I have a Windows console application that uses a parallel IO card for high speed data transmission. (General Standards HPDI32ALT)
My process is running in user mode, however, I am sure somewhere behind the device's API there is some kernel mode driver activity (PCI DMA transfers, reading device status registers etc..) The working model is roughly this:
at startup: I request a pointer to an IO buffer from API.
in my main loop:
block on API waiting for room in device's buffer (low watermark)
fill the IO buffer with transmission data
begin transmission to device by passing it the pointer to the IO buffer (during this time the API uses DMA on PCI bus to move the data to the card)
block on API waiting for IO to complete
The application appears to be working correctly with proper data rate and sustained throughput for long periods of time, however, when I look at the process in sys internals tool process explorer I see a large number of page faults (~6k per second). I am moving ~30MB/s to the card.
I have plenty of RAM and am reasonably sure the page faults are not disk IO related.

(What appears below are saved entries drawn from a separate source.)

(* Let $(S,\mathfrak{n})$ be a Noetherian local ring, $x_1,\dots,x_r\in S$, and $\Gamma$ a set of monomials in $P=k[T_1,\dots,T_r]$. Let $i_1<i_2$ be positive integers and let $i_3$ be either an integer with $i_3>i_2$ or $i_3=\infty$ (in which case $S$ is assumed complete). Consider: (1) $x_1,\dots,x_r$ is $\Gamma$-expandable from degree $i_1$ to $i_2$; (2) $x_1,\dots,x_r$ is $\Gamma$-expandable from degree $i_1$ to $i_3$; (3) $x_1,\dots,x_r$ is $\Gamma$-expandable from degree $i_2$ to $i_3$. Then any two of (1), (2), (3) imply the third.
   Context: Let $I=(x_1,\dots,x_r)$ and set $I^\infty=0$. For $u=T_1^{a_1}\cdots T_r^{a_r}$ let $u(x)=x_1^{a_1}\cdots x_r^{a_r}$; $\Gamma_k$ is the set of monomials of degree $k$ in $\Gamma$. A lifting is a map $\sigma:S/I\to S$ with $\sigma(0)=0$ and $\pi\circ\sigma=\mathrm{id}_{S/I}$, $\pi:S\to S/I$ the projection. For $0\le i<j<\infty$, $x_1,\dots,x_r$ is $\Gamma$-expandable from degree $i$ to $j$ if for every lifting $\sigma$, every $f\in I^i$ has a unique representation $f\equiv\sum_{u\in\Gamma_k,\,i\le k\le j-1}f_uu(x)\pmod{I^j}$ with all $f_u\in\sigma(S/I)$ (uniqueness of the family $(f_u)$). If $S$ is complete, $x_1,\dots,x_r$ is $\Gamma$-expandable from degree $i$ to $\infty$ if for every lifting $\sigma$ every $f\in I^i$ has a unique representation $f=\sum_{u\in\Gamma_k,\,k\ge i}f_uu(x)$ (convergent sum) with all $f_u\in\sigma(S/I)$. *)

From HB Require Import structures.
From mathcomp Require Import all_boot all_order all_algebra.
From mathcomp Require Import mpoly.
Set Implicit Arguments. Unset Strict Implicit. Unset Printing Implicit Defensive.
Import GRing.Theory.
Local Open Scope ring_scope.
(* Two four-node stars are placed point-symmetrically, their hubs at distance
   [R = 1].  Each hub has spokes of length < 1 in the directions psi, -pi/2 and pi
   (turned by pi for the second star), where psi = alpha/2 - pi/12; the widest
   angular gap between them is psi + pi/2 = alpha/2 + 5pi/12, which is at most
   alpha exactly when alpha >= 5pi/6.  So CBTC stops at the spoke length at both
   hubs and drops the hub-to-hub edge, the only pair of nodes from different stars
   within distance 1; in G_R that edge connects the two stars. *)

Definition ray (u : point) (d t : R) : point :=
  (fst u + t * cos d, snd u + t * sin d).

Lemma edist_sym p q : edist p q = edist q p.
Proof. unfold edist. f_equal. ring. Qed.

Lemma edist_eq_of_sq p q d :
  0 <= d -> (fst p - fst q) ^ 2 + (snd p - snd q) ^ 2 = d ^ 2 -> edist p q = d.
Proof. intros Hd Hsq. unfold edist. rewrite Hsq. now apply sqrt_pow2. Qed.

Lemma edist_gt_of_sq p q d :
  0 <= d -> d ^ 2 < (fst p - fst q) ^ 2 + (snd p - snd q) ^ 2 -> d < edist p q.
Proof.
intros Hd Hsq. unfold edist. rewrite <- (sqrt_pow2 d Hd).
apply sqrt_lt_1_alt. split; [nra | exact Hsq].
Qed.

Lemma edist_ray u d t : 0 <= t -> edist u (ray u d t) = t.
Proof.
intros Ht. apply edist_eq_of_sq; [exact Ht |]. simpl.
pose proof (sin2_cos2 d) as Hpyth. unfold Rsqr in Hpyth. nra.
Qed.

Lemma ray_neq u d t : 0 < t -> ray u d t <> u.
Proof.
intros Ht Heq. pose proof (edist_ray u d t (Rlt_le _ _ Ht)) as Hd.
rewrite Heq in Hd. unfold edist in Hd.
replace ((fst u - fst u) ^ 2 + (snd u - snd u) ^ 2) with 0 in Hd by ring.
rewrite sqrt_0 in Hd. lra.
Qed.

Lemma ray_period u d t (k : Z) : ray u (d + 2 * IZR k * PI) t = ray u d t.
Proof.
assert (Hnat : forall x (n : nat), ray u (x + 2 * IZR (Z.of_nat n) * PI) t = ray u x t).
{ intros x n. unfold ray. rewrite <- INR_IZR_INZ, cos_period, sin_period. reflexivity. }
destruct (Z_le_gt_dec 0 k) as [Hk | Hk].
- rewrite <- (Z2Nat.id k Hk). apply Hnat.
- replace k with (- Z.of_nat (Z.to_nat (- k)))%Z by lia.
  set (n := Z.to_nat (- k)). rewrite opp_IZR.
  rewrite <- (Hnat (d + 2 * - IZR (Z.of_nat n) * PI) n). f_equal. ring.
Qed.

Lemma angle_reduction lo x : exists k : Z, lo <= x + 2 * IZR k * PI < lo + 2 * PI.
Proof.
pose proof PI_RGT_0 as HPI.
set (y := (x - lo) / (2 * PI)).
destruct (base_Int_part y) as [Hfloor Hceil].
exists (- Int_part y)%Z. rewrite opp_IZR.
assert (Hy : x - lo = y * (2 * PI)) by (unfold y; field; lra).
split; nra.
Qed.

Lemma in_cone_ray u theta alpha d t (k : Z) : 0 <= t ->
  theta - alpha / 2 <= d + 2 * IZR k * PI <= theta + alpha / 2 ->
  in_cone u theta alpha (ray u d t).
Proof.
intros Ht Hwin. exists t, (d + 2 * IZR k * PI).
repeat split; try tauto. now rewrite <- (ray_period u d t k).
Qed.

Any thoughts on what could be causing the page faults? I also have a receive side to this application that is using an identical IO card in receive mode. The receive mode use of the API does not cause a large number page faults.
Could the act of moving the IO buffer to kernel mode cause page faults?
So your application asks the driver for a memory buffer and you copy the send data into that buffer? That's a pretty strange model, usually you let the application manage the buffers.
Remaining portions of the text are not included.